WHAT THE TASK ASKS:
Report, from the records below, every line where the word "Hbody" appears.
[EXCERPTED DATA Boundary: Start]
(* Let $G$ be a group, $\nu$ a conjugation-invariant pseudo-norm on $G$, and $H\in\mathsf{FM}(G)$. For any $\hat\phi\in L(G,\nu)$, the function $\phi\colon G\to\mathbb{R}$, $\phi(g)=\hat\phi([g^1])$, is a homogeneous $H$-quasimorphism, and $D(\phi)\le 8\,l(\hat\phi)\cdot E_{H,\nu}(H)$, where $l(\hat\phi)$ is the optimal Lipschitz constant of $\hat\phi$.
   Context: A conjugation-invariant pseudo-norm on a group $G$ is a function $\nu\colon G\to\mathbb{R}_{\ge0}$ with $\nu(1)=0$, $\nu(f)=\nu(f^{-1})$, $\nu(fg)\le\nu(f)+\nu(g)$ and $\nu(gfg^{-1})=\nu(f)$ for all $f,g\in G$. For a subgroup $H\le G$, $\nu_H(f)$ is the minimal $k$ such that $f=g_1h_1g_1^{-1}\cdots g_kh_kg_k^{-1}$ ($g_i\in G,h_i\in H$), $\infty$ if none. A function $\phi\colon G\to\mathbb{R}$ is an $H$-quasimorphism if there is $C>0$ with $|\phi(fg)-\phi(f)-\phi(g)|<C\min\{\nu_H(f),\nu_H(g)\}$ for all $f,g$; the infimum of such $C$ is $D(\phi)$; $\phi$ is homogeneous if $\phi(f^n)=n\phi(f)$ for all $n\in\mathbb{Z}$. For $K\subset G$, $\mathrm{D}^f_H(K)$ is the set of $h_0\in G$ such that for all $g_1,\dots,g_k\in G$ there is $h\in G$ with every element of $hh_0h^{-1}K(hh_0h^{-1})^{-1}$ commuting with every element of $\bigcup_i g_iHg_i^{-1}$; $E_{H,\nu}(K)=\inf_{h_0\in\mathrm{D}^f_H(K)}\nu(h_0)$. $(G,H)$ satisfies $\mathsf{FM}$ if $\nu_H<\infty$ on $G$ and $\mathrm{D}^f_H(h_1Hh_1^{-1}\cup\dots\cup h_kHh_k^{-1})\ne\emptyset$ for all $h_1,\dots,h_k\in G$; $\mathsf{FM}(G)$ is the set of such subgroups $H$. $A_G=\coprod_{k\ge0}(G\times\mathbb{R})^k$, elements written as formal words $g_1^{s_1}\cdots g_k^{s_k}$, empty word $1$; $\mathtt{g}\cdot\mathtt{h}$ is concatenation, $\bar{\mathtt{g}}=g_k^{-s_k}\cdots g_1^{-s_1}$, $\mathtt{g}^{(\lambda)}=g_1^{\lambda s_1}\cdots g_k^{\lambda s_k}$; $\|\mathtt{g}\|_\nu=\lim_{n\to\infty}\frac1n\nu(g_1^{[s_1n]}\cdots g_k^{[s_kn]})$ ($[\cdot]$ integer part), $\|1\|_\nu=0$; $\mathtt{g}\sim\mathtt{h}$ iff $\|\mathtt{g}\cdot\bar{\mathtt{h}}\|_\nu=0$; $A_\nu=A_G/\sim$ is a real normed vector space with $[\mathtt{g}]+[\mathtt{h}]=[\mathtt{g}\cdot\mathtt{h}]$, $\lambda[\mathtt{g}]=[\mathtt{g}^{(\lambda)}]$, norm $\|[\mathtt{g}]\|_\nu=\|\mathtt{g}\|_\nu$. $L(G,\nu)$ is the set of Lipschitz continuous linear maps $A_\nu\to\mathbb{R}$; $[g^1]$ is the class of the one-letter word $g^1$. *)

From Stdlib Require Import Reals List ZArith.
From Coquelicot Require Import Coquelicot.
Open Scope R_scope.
[EXCERPTED DATA Boundary: End]
[EXCERPTED DATA Boundary: Start]
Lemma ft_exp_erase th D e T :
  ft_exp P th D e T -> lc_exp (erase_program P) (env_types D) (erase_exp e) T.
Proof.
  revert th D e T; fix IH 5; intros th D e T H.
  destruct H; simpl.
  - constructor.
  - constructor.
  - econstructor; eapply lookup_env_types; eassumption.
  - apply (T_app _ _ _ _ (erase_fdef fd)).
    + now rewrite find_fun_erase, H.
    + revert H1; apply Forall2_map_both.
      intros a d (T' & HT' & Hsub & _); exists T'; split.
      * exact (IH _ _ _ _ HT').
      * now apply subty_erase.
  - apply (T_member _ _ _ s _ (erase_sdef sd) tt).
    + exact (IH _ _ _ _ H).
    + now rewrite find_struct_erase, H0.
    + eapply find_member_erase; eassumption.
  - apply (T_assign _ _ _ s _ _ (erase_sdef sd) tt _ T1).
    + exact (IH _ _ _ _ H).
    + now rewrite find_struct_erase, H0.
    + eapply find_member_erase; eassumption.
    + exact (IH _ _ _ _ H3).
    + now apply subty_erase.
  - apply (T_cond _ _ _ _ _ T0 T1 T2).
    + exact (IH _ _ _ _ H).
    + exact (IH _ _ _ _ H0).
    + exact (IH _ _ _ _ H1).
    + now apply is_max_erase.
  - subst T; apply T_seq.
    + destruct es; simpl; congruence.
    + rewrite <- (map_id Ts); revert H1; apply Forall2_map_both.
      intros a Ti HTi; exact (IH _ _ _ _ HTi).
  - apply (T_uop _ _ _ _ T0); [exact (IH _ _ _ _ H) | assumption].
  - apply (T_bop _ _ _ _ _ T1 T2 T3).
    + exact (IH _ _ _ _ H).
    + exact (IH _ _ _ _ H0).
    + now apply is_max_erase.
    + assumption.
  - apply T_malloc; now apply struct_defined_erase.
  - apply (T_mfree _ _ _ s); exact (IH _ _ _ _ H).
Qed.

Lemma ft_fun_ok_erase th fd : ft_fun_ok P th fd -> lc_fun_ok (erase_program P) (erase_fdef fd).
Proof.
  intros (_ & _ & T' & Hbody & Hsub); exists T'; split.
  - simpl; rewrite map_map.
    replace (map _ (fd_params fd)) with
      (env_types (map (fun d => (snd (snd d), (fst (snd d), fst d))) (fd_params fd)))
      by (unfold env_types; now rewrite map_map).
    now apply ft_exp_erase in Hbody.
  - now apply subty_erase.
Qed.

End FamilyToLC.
[EXCERPTED DATA Boundary: End]
REPLY:
  intros (_ & _ & T' & Hbody & Hsub); exists T'; split.
    now apply ft_exp_erase in Hbody.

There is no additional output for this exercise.